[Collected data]
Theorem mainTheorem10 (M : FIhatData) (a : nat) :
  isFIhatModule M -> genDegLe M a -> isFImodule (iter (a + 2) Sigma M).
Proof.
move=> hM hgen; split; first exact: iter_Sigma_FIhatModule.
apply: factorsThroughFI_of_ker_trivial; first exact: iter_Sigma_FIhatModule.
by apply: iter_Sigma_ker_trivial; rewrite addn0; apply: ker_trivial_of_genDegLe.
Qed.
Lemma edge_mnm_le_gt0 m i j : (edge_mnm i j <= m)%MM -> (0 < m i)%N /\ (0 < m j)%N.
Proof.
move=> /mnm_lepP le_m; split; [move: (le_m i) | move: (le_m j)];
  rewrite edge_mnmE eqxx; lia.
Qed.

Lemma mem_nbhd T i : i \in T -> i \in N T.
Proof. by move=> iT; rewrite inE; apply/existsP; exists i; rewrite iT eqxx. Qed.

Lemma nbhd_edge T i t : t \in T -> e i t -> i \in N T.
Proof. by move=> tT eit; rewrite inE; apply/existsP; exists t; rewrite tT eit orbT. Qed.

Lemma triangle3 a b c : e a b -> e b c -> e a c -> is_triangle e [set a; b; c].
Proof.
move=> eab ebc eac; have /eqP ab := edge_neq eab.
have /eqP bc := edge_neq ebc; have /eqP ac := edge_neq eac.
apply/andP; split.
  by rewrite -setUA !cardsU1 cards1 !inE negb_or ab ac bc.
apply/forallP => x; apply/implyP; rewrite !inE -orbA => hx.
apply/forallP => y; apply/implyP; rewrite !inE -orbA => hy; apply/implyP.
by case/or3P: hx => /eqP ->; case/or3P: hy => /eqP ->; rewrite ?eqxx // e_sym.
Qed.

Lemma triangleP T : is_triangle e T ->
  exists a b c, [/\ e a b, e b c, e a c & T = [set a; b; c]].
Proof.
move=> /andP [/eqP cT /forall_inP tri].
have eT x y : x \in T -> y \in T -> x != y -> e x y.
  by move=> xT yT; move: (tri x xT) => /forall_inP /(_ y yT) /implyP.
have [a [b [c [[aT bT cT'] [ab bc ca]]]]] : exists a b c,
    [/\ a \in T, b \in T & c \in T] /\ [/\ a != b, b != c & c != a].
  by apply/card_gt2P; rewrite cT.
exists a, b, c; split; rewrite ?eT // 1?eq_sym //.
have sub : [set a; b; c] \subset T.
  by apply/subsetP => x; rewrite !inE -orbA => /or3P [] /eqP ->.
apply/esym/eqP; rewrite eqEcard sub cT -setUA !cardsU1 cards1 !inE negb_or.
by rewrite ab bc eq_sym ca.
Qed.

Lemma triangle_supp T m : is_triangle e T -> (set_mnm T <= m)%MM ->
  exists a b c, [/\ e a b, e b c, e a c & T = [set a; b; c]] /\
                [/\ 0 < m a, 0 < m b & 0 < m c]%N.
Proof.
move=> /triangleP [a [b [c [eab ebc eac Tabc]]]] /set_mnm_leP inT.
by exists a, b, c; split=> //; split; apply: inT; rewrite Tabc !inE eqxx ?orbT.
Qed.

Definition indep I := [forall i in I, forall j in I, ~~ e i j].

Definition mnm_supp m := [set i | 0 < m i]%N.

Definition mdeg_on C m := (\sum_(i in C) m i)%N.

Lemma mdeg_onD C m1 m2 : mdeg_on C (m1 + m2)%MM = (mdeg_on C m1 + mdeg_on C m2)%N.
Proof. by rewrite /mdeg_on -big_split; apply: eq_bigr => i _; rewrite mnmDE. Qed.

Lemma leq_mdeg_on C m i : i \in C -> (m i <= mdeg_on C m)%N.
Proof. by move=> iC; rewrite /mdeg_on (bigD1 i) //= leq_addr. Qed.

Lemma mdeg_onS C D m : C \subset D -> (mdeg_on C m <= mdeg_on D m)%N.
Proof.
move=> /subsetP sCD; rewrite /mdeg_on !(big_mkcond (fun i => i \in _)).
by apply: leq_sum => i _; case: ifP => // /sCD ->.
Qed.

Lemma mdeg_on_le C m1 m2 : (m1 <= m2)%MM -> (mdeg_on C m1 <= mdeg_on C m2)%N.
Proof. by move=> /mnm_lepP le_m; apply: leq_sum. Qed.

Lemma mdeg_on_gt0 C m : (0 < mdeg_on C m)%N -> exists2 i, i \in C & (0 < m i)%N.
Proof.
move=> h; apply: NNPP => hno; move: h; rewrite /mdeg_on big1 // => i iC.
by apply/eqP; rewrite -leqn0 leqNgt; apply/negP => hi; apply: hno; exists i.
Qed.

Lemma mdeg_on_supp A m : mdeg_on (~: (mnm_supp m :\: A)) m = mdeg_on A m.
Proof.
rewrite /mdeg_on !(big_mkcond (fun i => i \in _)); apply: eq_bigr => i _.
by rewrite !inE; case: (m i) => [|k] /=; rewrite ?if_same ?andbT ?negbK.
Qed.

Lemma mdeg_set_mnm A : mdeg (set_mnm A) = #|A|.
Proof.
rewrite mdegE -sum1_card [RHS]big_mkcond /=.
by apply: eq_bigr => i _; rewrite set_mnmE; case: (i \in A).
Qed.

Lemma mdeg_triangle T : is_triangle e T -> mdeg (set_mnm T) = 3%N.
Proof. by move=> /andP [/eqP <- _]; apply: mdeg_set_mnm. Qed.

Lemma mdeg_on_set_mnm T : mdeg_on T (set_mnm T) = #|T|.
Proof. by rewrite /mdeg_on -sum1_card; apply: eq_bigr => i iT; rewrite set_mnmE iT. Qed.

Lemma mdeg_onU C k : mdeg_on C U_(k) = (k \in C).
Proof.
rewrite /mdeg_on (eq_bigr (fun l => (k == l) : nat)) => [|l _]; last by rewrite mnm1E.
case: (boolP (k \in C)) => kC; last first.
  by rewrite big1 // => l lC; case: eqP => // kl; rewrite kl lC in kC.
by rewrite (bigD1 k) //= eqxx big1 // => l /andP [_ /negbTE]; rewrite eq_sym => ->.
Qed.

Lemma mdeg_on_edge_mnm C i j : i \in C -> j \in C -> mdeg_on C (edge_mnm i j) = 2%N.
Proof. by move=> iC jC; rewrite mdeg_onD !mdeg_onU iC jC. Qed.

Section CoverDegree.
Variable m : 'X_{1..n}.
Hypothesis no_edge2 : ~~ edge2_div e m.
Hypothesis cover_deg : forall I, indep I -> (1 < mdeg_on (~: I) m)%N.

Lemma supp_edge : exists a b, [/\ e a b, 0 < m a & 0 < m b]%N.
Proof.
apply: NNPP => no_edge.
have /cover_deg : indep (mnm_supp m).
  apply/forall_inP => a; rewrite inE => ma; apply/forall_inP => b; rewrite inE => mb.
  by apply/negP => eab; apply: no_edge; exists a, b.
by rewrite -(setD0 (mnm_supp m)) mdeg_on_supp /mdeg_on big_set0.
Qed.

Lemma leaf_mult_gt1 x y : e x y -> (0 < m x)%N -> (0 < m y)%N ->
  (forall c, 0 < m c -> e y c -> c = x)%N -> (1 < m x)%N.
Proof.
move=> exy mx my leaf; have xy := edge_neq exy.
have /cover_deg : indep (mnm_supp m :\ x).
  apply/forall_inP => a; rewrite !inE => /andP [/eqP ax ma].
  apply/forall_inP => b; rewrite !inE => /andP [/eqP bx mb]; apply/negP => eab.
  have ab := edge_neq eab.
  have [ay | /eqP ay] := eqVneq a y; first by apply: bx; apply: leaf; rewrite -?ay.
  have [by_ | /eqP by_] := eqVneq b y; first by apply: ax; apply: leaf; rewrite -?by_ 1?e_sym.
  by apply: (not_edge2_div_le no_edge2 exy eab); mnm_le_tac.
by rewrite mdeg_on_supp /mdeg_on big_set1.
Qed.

...

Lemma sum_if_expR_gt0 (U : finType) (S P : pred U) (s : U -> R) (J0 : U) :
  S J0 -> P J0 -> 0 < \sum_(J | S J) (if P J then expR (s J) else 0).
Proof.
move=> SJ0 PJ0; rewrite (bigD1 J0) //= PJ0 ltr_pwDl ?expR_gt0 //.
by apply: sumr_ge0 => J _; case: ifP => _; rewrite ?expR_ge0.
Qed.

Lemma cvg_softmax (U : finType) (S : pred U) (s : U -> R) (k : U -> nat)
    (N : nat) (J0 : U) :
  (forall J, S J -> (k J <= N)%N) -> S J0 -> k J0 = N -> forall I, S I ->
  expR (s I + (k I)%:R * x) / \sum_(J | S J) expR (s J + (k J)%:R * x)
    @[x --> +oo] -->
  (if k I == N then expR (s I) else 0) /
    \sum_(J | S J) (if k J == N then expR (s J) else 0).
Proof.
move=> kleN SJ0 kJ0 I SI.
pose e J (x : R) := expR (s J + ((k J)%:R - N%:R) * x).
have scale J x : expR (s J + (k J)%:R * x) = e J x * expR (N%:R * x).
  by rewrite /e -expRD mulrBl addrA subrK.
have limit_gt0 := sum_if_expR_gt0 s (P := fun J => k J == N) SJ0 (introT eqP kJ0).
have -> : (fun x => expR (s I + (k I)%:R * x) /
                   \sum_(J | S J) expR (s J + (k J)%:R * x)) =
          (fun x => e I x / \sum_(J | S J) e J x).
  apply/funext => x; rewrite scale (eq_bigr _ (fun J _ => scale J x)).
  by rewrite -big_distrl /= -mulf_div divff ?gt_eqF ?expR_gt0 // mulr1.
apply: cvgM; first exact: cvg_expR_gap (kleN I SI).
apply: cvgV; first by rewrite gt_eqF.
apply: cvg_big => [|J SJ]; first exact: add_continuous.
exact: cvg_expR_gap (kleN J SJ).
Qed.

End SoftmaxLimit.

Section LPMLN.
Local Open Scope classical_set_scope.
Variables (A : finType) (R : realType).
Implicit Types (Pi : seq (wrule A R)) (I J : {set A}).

==

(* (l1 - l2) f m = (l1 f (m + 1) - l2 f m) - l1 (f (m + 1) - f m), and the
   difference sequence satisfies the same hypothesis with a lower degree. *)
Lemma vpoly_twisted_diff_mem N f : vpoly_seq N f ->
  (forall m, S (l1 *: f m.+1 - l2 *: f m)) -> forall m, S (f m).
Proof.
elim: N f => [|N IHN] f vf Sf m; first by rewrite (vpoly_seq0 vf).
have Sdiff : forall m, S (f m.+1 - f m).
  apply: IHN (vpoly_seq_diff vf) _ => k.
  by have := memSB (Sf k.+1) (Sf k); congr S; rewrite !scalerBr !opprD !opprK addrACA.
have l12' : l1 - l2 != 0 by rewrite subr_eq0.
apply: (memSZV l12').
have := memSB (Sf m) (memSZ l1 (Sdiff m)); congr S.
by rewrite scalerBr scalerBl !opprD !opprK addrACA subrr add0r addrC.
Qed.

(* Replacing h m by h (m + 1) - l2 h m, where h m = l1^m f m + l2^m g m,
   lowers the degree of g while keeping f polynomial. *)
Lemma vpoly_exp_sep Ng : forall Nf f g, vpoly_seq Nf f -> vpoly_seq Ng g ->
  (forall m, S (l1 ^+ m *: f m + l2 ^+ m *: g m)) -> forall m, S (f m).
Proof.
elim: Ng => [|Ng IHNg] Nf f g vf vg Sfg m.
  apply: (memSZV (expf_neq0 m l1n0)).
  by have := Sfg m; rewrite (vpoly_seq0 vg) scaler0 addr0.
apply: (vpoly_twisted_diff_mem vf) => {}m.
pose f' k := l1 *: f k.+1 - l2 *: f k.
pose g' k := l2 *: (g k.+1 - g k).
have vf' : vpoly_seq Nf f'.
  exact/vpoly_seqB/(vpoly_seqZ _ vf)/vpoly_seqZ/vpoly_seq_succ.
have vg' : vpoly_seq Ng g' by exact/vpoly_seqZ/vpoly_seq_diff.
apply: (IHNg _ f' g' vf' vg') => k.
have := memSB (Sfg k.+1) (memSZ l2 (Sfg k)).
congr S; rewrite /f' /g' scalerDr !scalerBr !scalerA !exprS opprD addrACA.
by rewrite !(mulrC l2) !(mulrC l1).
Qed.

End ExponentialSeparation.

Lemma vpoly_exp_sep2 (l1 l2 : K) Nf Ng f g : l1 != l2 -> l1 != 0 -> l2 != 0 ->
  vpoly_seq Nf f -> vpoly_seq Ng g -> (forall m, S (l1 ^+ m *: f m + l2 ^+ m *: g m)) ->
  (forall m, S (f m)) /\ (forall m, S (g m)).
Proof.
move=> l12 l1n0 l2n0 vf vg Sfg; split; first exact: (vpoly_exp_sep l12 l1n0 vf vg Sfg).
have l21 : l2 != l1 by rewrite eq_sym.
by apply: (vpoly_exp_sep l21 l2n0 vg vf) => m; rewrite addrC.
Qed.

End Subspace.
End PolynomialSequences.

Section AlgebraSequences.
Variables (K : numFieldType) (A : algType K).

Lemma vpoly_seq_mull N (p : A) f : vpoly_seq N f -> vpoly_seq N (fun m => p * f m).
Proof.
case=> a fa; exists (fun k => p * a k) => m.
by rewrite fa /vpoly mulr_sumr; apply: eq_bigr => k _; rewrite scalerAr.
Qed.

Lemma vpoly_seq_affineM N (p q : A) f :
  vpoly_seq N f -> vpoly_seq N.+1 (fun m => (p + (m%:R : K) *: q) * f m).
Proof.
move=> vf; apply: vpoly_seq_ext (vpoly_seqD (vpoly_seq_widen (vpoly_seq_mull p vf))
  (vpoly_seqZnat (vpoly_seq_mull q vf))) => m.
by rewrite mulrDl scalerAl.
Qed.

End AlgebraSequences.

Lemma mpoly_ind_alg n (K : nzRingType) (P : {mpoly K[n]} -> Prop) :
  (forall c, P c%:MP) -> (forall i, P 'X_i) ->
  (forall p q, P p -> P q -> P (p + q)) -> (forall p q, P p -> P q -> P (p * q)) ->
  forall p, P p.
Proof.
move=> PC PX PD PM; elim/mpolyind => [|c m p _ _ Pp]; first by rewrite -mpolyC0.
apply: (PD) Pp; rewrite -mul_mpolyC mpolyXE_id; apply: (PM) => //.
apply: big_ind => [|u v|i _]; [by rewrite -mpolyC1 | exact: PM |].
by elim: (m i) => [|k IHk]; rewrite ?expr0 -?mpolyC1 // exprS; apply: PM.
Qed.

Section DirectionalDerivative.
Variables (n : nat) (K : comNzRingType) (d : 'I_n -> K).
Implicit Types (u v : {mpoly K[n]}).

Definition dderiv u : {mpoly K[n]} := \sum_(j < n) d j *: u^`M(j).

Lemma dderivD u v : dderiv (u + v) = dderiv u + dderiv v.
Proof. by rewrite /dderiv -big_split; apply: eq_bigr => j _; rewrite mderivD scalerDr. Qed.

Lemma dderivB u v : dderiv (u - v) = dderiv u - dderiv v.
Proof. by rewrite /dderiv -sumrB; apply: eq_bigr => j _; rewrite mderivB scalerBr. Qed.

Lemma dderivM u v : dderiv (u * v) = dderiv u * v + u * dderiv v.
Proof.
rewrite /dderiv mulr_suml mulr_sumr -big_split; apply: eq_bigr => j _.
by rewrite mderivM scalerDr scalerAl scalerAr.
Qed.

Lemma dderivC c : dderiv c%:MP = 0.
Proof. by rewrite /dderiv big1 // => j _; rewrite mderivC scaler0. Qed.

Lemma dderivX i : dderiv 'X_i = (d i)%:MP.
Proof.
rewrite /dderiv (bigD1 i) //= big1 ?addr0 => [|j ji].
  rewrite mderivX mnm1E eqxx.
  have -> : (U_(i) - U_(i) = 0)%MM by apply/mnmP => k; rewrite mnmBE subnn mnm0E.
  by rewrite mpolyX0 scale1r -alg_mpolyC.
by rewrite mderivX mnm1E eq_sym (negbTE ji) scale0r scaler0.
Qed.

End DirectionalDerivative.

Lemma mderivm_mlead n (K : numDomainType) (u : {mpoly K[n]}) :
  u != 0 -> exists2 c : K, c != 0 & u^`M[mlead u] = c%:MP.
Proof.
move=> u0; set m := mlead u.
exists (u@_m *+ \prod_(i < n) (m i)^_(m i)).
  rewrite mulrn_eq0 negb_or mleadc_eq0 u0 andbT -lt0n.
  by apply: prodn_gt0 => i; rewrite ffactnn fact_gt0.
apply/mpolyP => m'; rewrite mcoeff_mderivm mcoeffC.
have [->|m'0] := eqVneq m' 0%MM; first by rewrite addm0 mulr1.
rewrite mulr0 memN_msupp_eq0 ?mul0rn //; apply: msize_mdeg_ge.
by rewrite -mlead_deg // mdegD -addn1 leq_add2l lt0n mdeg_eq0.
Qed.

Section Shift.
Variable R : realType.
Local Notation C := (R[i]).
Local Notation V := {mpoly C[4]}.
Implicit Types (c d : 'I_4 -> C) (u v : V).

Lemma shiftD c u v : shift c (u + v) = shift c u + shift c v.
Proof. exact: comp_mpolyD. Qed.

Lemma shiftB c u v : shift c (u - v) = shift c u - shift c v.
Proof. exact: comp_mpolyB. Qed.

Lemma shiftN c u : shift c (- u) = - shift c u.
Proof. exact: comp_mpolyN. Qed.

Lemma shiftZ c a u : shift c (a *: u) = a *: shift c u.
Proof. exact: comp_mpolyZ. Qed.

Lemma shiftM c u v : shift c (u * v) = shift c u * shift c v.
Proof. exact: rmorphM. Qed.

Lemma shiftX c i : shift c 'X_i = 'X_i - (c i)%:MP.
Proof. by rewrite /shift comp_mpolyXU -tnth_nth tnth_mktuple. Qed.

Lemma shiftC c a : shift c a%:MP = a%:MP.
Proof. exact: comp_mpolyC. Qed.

→ **Instructions for the task**:
Of the lines above, output exactly those from the line bearing "elim: Ng => [|Ng IHNg] Nf f g vf vg Sfg m." through the line bearing "Lemma mpoly_ind_alg n", inclusive.

→ **Solution to this exercise**:
elim: Ng => [|Ng IHNg] Nf f g vf vg Sfg m.
  apply: (memSZV (expf_neq0 m l1n0)).
  by have := Sfg m; rewrite (vpoly_seq0 vg) scaler0 addr0.
apply: (vpoly_twisted_diff_mem vf) => {}m.
pose f' k := l1 *: f k.+1 - l2 *: f k.
pose g' k := l2 *: (g k.+1 - g k).
have vf' : vpoly_seq Nf f'.
  exact/vpoly_seqB/(vpoly_seqZ _ vf)/vpoly_seqZ/vpoly_seq_succ.
have vg' : vpoly_seq Ng g' by exact/vpoly_seqZ/vpoly_seq_diff.
apply: (IHNg _ f' g' vf' vg') => k.
have := memSB (Sfg k.+1) (memSZ l2 (Sfg k)).
congr S; rewrite /f' /g' scalerDr !scalerBr !scalerA !exprS opprD addrACA.
by rewrite !(mulrC l2) !(mulrC l1).
Qed.

End ExponentialSeparation.

Lemma vpoly_exp_sep2 (l1 l2 : K) Nf Ng f g : l1 != l2 -> l1 != 0 -> l2 != 0 ->
  vpoly_seq Nf f -> vpoly_seq Ng g -> (forall m, S (l1 ^+ m *: f m + l2 ^+ m *: g m)) ->
  (forall m, S (f m)) /\ (forall m, S (g m)).
Proof.
move=> l12 l1n0 l2n0 vf vg Sfg; split; first exact: (vpoly_exp_sep l12 l1n0 vf vg Sfg).
have l21 : l2 != l1 by rewrite eq_sym.
by apply: (vpoly_exp_sep l21 l2n0 vg vf) => m; rewrite addrC.
Qed.

End Subspace.
End PolynomialSequences.

Section AlgebraSequences.
Variables (K : numFieldType) (A : algType K).

Lemma vpoly_seq_mull N (p : A) f : vpoly_seq N f -> vpoly_seq N (fun m => p * f m).
Proof.
case=> a fa; exists (fun k => p * a k) => m.
by rewrite fa /vpoly mulr_sumr; apply: eq_bigr => k _; rewrite scalerAr.
Qed.

Lemma vpoly_seq_affineM N (p q : A) f :
  vpoly_seq N f -> vpoly_seq N.+1 (fun m => (p + (m%:R : K) *: q) * f m).
Proof.
move=> vf; apply: vpoly_seq_ext (vpoly_seqD (vpoly_seq_widen (vpoly_seq_mull p vf))
  (vpoly_seqZnat (vpoly_seq_mull q vf))) => m.
by rewrite mulrDl scalerAl.
Qed.

End AlgebraSequences.

Lemma mpoly_ind_alg n (K : nzRingType) (P : {mpoly K[n]} -> Prop) :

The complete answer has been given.